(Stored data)
=== Begin Enclosure ===

(* Modularity is not local. That is, there exist graphs $G_1=(V_1,E_1)$ and $G_2=(V_2,E_2)$, a set $V_a\subseteq V_1\cap V_2$ such that $G_1$ and $G_2$ agree on $V_a$ and on the neighborhood of $V_a$, clusterings $C_a,D_a$ of $V_a$, a clustering $C_1$ of $V_1\setminus V_a$ and a clustering $C_2$ of $V_2\setminus V_a$, such that $Q_{\mathrm{mod}}(G_1,C_a\cup C_1)\ge Q_{\mathrm{mod}}(G_1,D_a\cup C_1)$ but $Q_{\mathrm{mod}}(G_2,C_a\cup C_2)< Q_{\mathrm{mod}}(G_2,D_a\cup C_2)$.
   Context: A (symmetric weighted) graph is a pair $G=(V,E)$ of a finite set $V$ and a function $E:V\times V\to\mathbb{R}_{\ge 0}$ with $E(i,j)=E(j,i)$; self loops are allowed. A clustering of $G$ is a partition of $V$ into nonempty pairwise disjoint sets (clusters); a clustering of the empty set is the empty collection. For $c\subseteq V$ let $v_c=\sum_{i\in c}\sum_{j\in V}E(i,j)$ (volume) and $w_c=\sum_{i,j\in c}E(i,j)$ (within weight). Modularity: $Q_{\mathrm{mod}}(G,C)=\sum_{c\in C}\left(\frac{w_c}{v_V}-\left(\frac{v_c}{v_V}\right)^2\right)$ (defined when $v_V>0$). Graphs $G_1=(V_1,E_1)$, $G_2=(V_2,E_2)$ agree on $V_a\subseteq V_1\cap V_2$ and its neighborhood if $E_1(i,j)=E_2(i,j)$ for all $i\in V_a$, $j\in V_1\cap V_2$; $E_1(i,j)=0$ for all $i\in V_a$, $j\in V_1\setminus V_2$; and $E_2(i,j)=0$ for all $i\in V_a$, $j\in V_2\setminus V_1$. A quality function $Q$ is local if for all such $G_1,G_2,V_a$ and all clusterings $C_a,D_a$ of $V_a$, $C_1$ of $V_1\setminus V_a$, $C_2$ of $V_2\setminus V_a$, $Q(G_1,C_a\cup C_1)\ge Q(G_1,D_a\cup C_1)$ implies $Q(G_2,C_a\cup C_2)\ge Q(G_2,D_a\cup C_2)$. *)

(* Vertices live in a common finite universe T; a graph is a
   finite vertex set V : {set T} with a weight function E : T -> T -> R
   (only its values on V x V matter). *)
From HB Require Import structures.
From mathcomp Require Import all_boot all_order all_algebra.
From mathcomp Require Import reals.
Set Implicit Arguments. Unset Strict Implicit. Unset Printing Implicit Defensive.
Import Order.TTheory GRing.Theory Num.Theory.
Local Open Scope ring_scope.

Section Modularity.
Variables (R : realType) (T : finType).

Definition is_graph (V : {set T}) (E : T -> T -> R) : Prop :=
  forall i j, i \in V -> j \in V -> 0 <= E i j /\ E i j = E j i.

Definition volume (V : {set T}) (E : T -> T -> R) (c : {set T}) : R :=
  \sum_(i in c) \sum_(j in V) E i j.

Definition within (E : T -> T -> R) (c : {set T}) : R :=
  \sum_(i in c) \sum_(j in c) E i j.

(* modularity Q_mod(G, C) (meaningful when v_V > 0) *)
Definition Qmod (V : {set T}) (E : T -> T -> R) (C : {set {set T}}) : R :=
  \sum_(c in C) (within E c / volume V E V - (volume V E c / volume V E V) ^+ 2).

Definition clustering (C : {set {set T}}) (A : {set T}) : Prop := partition C A.

Definition agree (V1 : {set T}) (E1 : T -> T -> R) (V2 : {set T}) (E2 : T -> T -> R)
  (Va : {set T}) : Prop :=
  [/\ Va \subset V1 :&: V2,
      (forall i j, i \in Va -> j \in V1 :&: V2 -> E1 i j = E2 i j),
      (forall i j, i \in Va -> j \in V1 :\: V2 -> E1 i j = 0) &
      (forall i j, i \in Va -> j \in V2 :\: V1 -> E2 i j = 0)].

End Modularity.

(** The three vertices are a, b (each with a self-loop of weight 2, joined by
    an edge of weight 1) and c (an isolated vertex with a self-loop of weight
    10).  Merging two clusters A and B changes modularity by
    2 (w(A,B) v_V - v_A v_B) / v_V^2, so whether merging {a} and {b} pays off
    depends on the total volume v_V, i.e. on parts of the graph far away from
    a and b.  With c present (v_V = 16) the merge pays off since
    v_a v_b = 9 <= 16; without c (v_V = 6) it does not, since 9 > 6. *)
From HB Require Import structures.
From mathcomp Require Import all_boot all_order all_algebra.
From mathcomp Require Import reals.
From mathcomp Require Import ring lra.
Set Implicit Arguments. Unset Strict Implicit. Unset Printing Implicit Defensive.
Import Order.TTheory GRing.Theory Num.Theory.
Local Open Scope ring_scope.

Section Partitions.
Variable T : finType.

Lemma set1_neq0 (x : T) : [set x] != set0.
Proof. by rewrite -card_gt0 cards1. Qed.

Lemma setU1_neq0 (x : T) (A : {set T}) : x |: A != set0.
Proof. by apply/set0Pn; exists x; rewrite setU11. Qed.

Lemma partition_set1 (B : {set T}) : B != set0 -> partition [set B] B.
Proof.
by move=> nB; rewrite /partition cover1 eqxx trivIset1 inE eq_sym nB.
Qed.

Lemma partition_set2 (A B : {set T}) :
  A != set0 -> B != set0 -> [disjoint A & B] -> partition [set A; B] (A :|: B).
Proof. by move=> nA nB AB; apply: partitionU1 => //; apply: partition_set1. Qed.

Lemma disjoint_setD (A B : {set T}) : [disjoint A & B :\: A].
Proof. by rewrite -setI_eq0 setIDA setDIl setDv set0I. Qed.

Lemma disjoint_partitions (P Q : {set {set T}}) (X Y : {set T}) :
  partition P X -> partition Q Y -> [disjoint X & Y] -> [disjoint P & Q].
Proof.
move=> PX QY XY; rewrite -setI_eq0; apply/eqP/setP => S; rewrite !inE.
apply/negbTE/andP => -[SP SQ]; apply/negP: (partition_neq0 PX SP).
rewrite negbK -subset0 -(disjoint_setI0 XY) subsetI.
by rewrite (partitionS PX SP) (partitionS QY SQ).
Qed.

End Partitions.

Section Weights.
Variables (R : realType) (T : finType) (E : T -> T -> R).

Definition weight (A B : {set T}) : R := \sum_(i in A) \sum_(j in B) E i j.

Lemma sum_setU (F : T -> R) (A B : {set T}) : [disjoint A & B] ->
  \sum_(i in A :|: B) F i = \sum_(i in A) F i + \sum_(i in B) F i.
Proof. by move=> AB; rewrite -bigU //; apply: eq_bigl => i; rewrite inE. Qed.

Lemma sum_set2 (F : T -> R) (x y : T) : x != y ->
  \sum_(i in [set x; y]) F i = F x + F y.
Proof. by move=> xy; rewrite big_setU1 ?big_set1 // inE. Qed.

Lemma weight_setUl (A B C : {set T}) : [disjoint A & B] ->
  weight (A :|: B) C = weight A C + weight B C.
Proof. exact: sum_setU. Qed.

Lemma weight_setUr (A B C : {set T}) : [disjoint B & C] ->
  weight A (B :|: C) = weight A B + weight A C.
Proof.
by move=> BC; rewrite /weight -big_split; apply: eq_bigr => i _; apply: sum_setU.
Qed.

Lemma weight_sym (A B : {set T}) : {in A & B, forall i j, E i j = E j i} ->
  weight B A = weight A B.
Proof.
move=> symE; rewrite /weight exchange_big.
by apply: eq_bigr => i Ai; apply: eq_bigr => j Bj; rewrite (symE i j).
Qed.

Lemma within_setU (A B : {set T}) : [disjoint A & B] ->
  {in A & B, forall i j, E i j = E j i} ->
  within E (A :|: B) = within E A + within E B + 2 * weight A B.
Proof.
move=> AB symE; rewrite [LHS]weight_setUl // !weight_setUr // (weight_sym symE).
by rewrite /within -/(weight A A) -/(weight B B); ring.
Qed.

Lemma volume_setU (V A B : {set T}) : [disjoint A & B] ->
  volume V E (A :|: B) = volume V E A + volume V E B.
Proof. exact: weight_setUl. Qed.

End Weights.

Section Merging.
Variables (R : realType) (T : finType) (V : {set T}) (E : T -> T -> R).

Local Notation vol := (volume V E).

Lemma Qmod_setU (C D : {set {set T}}) : [disjoint C & D] ->
  Qmod V E (C :|: D) = Qmod V E C + Qmod V E D.
Proof. exact: sum_setU. Qed.

Lemma Qmod_merge (A B : {set T}) : A != set0 -> [disjoint A & B] ->
  {in A & B, forall i j, E i j = E j i} ->
  Qmod V E [set A :|: B] - Qmod V E [set A; B] =
  2 * (weight E A B / vol V - vol A * vol B / vol V ^+ 2).
Proof.
move=> nA AB symE; have AneB : A \notin [set B].
  rewrite inE; apply: contraNneq nA => eqAB.
  by rewrite -(setIid A) {2}eqAB disjoint_setI0.
rewrite /Qmod big_setU1 //= !big_set1 within_setU // volume_setU //.
by rewrite !expr_div_n; ring.
Qed.

Lemma Qmod_merge_ge (C : {set {set T}}) (A B : {set T}) : 0 < vol V ->
  A != set0 -> [disjoint A & B] -> {in A & B, forall i j, E i j = E j i} ->
  [disjoint [set A :|: B] & C] -> [disjoint [set A; B] & C] ->
  (Qmod V E ([set A; B] :|: C) <= Qmod V E ([set A :|: B] :|: C)) =
  (vol A * vol B <= weight E A B * vol V).
Proof.
move=> vV_gt0 nA AB symE disjM disjS.
rewrite (Qmod_setU disjM) (Qmod_setU disjS) lerD2r -subr_ge0 Qmod_merge //.
rewrite pmulr_rge0 //.
have -> : weight E A B / vol V - vol A * vol B / vol V ^+ 2 =
          (weight E A B * vol V - vol A * vol B) / vol V ^+ 2.
  by field; rewrite gt_eqF.
by rewrite pmulr_lge0 ?invr_gt0 ?exprn_gt0 // subr_ge0.
Qed.

End Merging.

Lemma agree_volume (R : realType) (T : finType) (V1 V2 Va A : {set T})
    (E1 E2 : T -> T -> R) :
  agree V1 E1 V2 E2 Va -> A \subset Va -> volume V1 E1 A = volume V2 E2 A.
Proof.
case=> _ sameE zero1 zero2 /subsetP AVa; apply: eq_bigr => i /AVa iVa.
rewrite (big_setID V2) [RHS](big_setID V1) /= [V2 :&: V1]setIC.
rewrite [X in _ + X]big1 ?[X in _ = _ + X]big1 ?addr0 => [|j|j]; last 2 first.
- exact: zero2.
- exact: zero1.
by apply: eq_bigr => j; apply: sameE.
Qed.

Lemma agree_refl (R : realType) (T : finType) (V Va : {set T}) (E : T -> T -> R) :
  Va \subset V -> agree V E V E Va.
Proof. by split; rewrite ?setIid // => i j _; rewrite setDv inE. Qed.

Section Example.
Variable R : realType.

Definition va : 'I_3 := @Ordinal 3 0 isT.
Definition vb : 'I_3 := @Ordinal 3 1 isT.
Definition vc : 'I_3 := @Ordinal 3 2 isT.

Definition example_weight (i j : 'I_3) : R :=
  match nat_of_ord i, nat_of_ord j with
  | 0%N, 0%N | 1%N, 1%N => 2
  | 0%N, 1%N | 1%N, 0%N => 1
  | 2%N, 2%N => 10
  | _, _ => 0
  end.

Local Notation E := example_weight.
Local Notation Va := [set va; vb].
Local Notation V1 := (vc |: Va).

Lemma example_is_graph (V : {set 'I_3}) : is_graph V E.
Proof.
by move=> [[|[|[|?]]] ?] [[|[|[|?]]] ?] //= _ _; split; rewrite ?ler0n.
Qed.

Lemma example_V1DVa : V1 :\: Va = [set vc].
Proof. by apply/setP => -[[|[|[|?]]] ?]; rewrite !inE. Qed.

Lemma example_agree : agree V1 E Va E Va.
Proof.
split=> //; first by rewrite setIC (setIidPl (subsetUr _ _)).
  by move=> i j; rewrite example_V1DVa !inE => /orP[] /eqP-> /eqP->.
by move=> i j _ /setDP[jVa]; rewrite inE jVa orbT.
Qed.

Lemma example_volume_V1 : volume V1 E V1 = 16.
Proof. by rewrite /volume !(big_setU1, big_set1) ?inE //= /E /=; lra. Qed.

Lemma example_volume_Va : volume Va E Va = 6.
Proof. by rewrite /volume !sum_set2 //= /E /=; lra. Qed.

Lemma example_volume_set1 (x : 'I_3) : x \in Va -> volume Va E [set x] = 3.
Proof.
by rewrite !inE => /orP[]/eqP->; rewrite /volume big_set1 sum_set2 //= /E /=; lra.
Qed.

Lemma example_partition_split : partition [set [set va]; [set vb]] Va.
Proof. by apply: partition_set2; rewrite ?set1_neq0 // disjoints1 inE. Qed.

Lemma example_merge_ge (V : {set 'I_3}) (C : {set {set 'I_3}}) :
  agree V E Va E Va -> partition C (V :\: Va) -> 0 < volume V E V ->
  (Qmod V E ([set [set va]; [set vb]] :|: C) <= Qmod V E ([set Va] :|: C)) =
  (9 <= volume V E V).
Proof.
move=> hV hC vV_gt0.
have vol_set1 x : x \in Va -> volume V E [set x] = 3.
  by move=> xVa; rewrite (agree_volume hV) ?sub1set // example_volume_set1.
have va_neq0 := set1_neq0 va.
have ab : [disjoint [set va] & [set vb]] by rewrite disjoints1 inE.
have symE : {in [set va] & [set vb], forall i j, E i j = E j i}.
  by move=> i j; rewrite !inE => /eqP-> /eqP->.
have disj_merged : [disjoint [set Va] & C].
  exact: disjoint_partitions (partition_set1 (setU1_neq0 _ _)) hC (disjoint_setD _ _).
have disj_split : [disjoint [set [set va]; [set vb]] & C].
  exact: disjoint_partitions example_partition_split hC (disjoint_setD _ _).
rewrite Qmod_merge_ge // !vol_set1 ?inE ?eqxx ?orbT //.
by rewrite /weight !big_set1 mul1r -natrM.
Qed.

End Example.

Theorem theorem2 (R : realType) :
  exists (n : nat) (V1 V2 Va : {set 'I_n}) (E1 E2 : 'I_n -> 'I_n -> R)
         (Ca Da C1 C2 : {set {set 'I_n}}),
    is_graph V1 E1 /\ is_graph V2 E2 /\
    0 < volume V1 E1 V1 /\ 0 < volume V2 E2 V2 /\
    agree V1 E1 V2 E2 Va /\
    clustering Ca Va /\ clustering Da Va /\
    clustering C1 (V1 :\: Va) /\ clustering C2 (V2 :\: Va) /\
    Qmod V1 E1 (Ca :|: C1) >= Qmod V1 E1 (Da :|: C1) /\
    Qmod V2 E2 (Ca :|: C2) < Qmod V2 E2 (Da :|: C2).
Proof.
set Va := [set va; vb]; set V1 := vc |: Va.
have hC1 : partition [set [set vc]] (V1 :\: Va).
  by rewrite example_V1DVa partition_set1 ?set1_neq0.
have hC2 : partition set0 (Va :\: Va) by rewrite setDv partition_set0.
have agreeVa : agree Va (example_weight R) Va (example_weight R) Va.
  exact: agree_refl.
exists 3%N, V1, Va, Va, (example_weight R), (example_weight R),
  [set Va], [set [set va]; [set vb]], [set [set vc]], set0.
rewrite example_volume_V1 example_volume_Va.
split; first exact: example_is_graph.
split; first exact: example_is_graph.
do 2!(split; first by rewrite ltr0n).
split; first exact: example_agree.
split; first exact/partition_set1/setU1_neq0.
split; first exact: example_partition_split.
do 2!(split=> //); split.
  by rewrite example_merge_ge ?example_volume_V1 ?ler_nat //; exact: example_agree.
by rewrite ltNge example_merge_ge ?example_volume_Va // -ltNge ltr_nat.
Qed.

=== End Enclosure ===

» Task brief
Please copy out each line in the entries that mentions the string "disjS".

» Answer below
move=> vV_gt0 nA AB symE disjM disjS.
rewrite (Qmod_setU disjM) (Qmod_setU disjS) lerD2r -subr_ge0 Qmod_merge //.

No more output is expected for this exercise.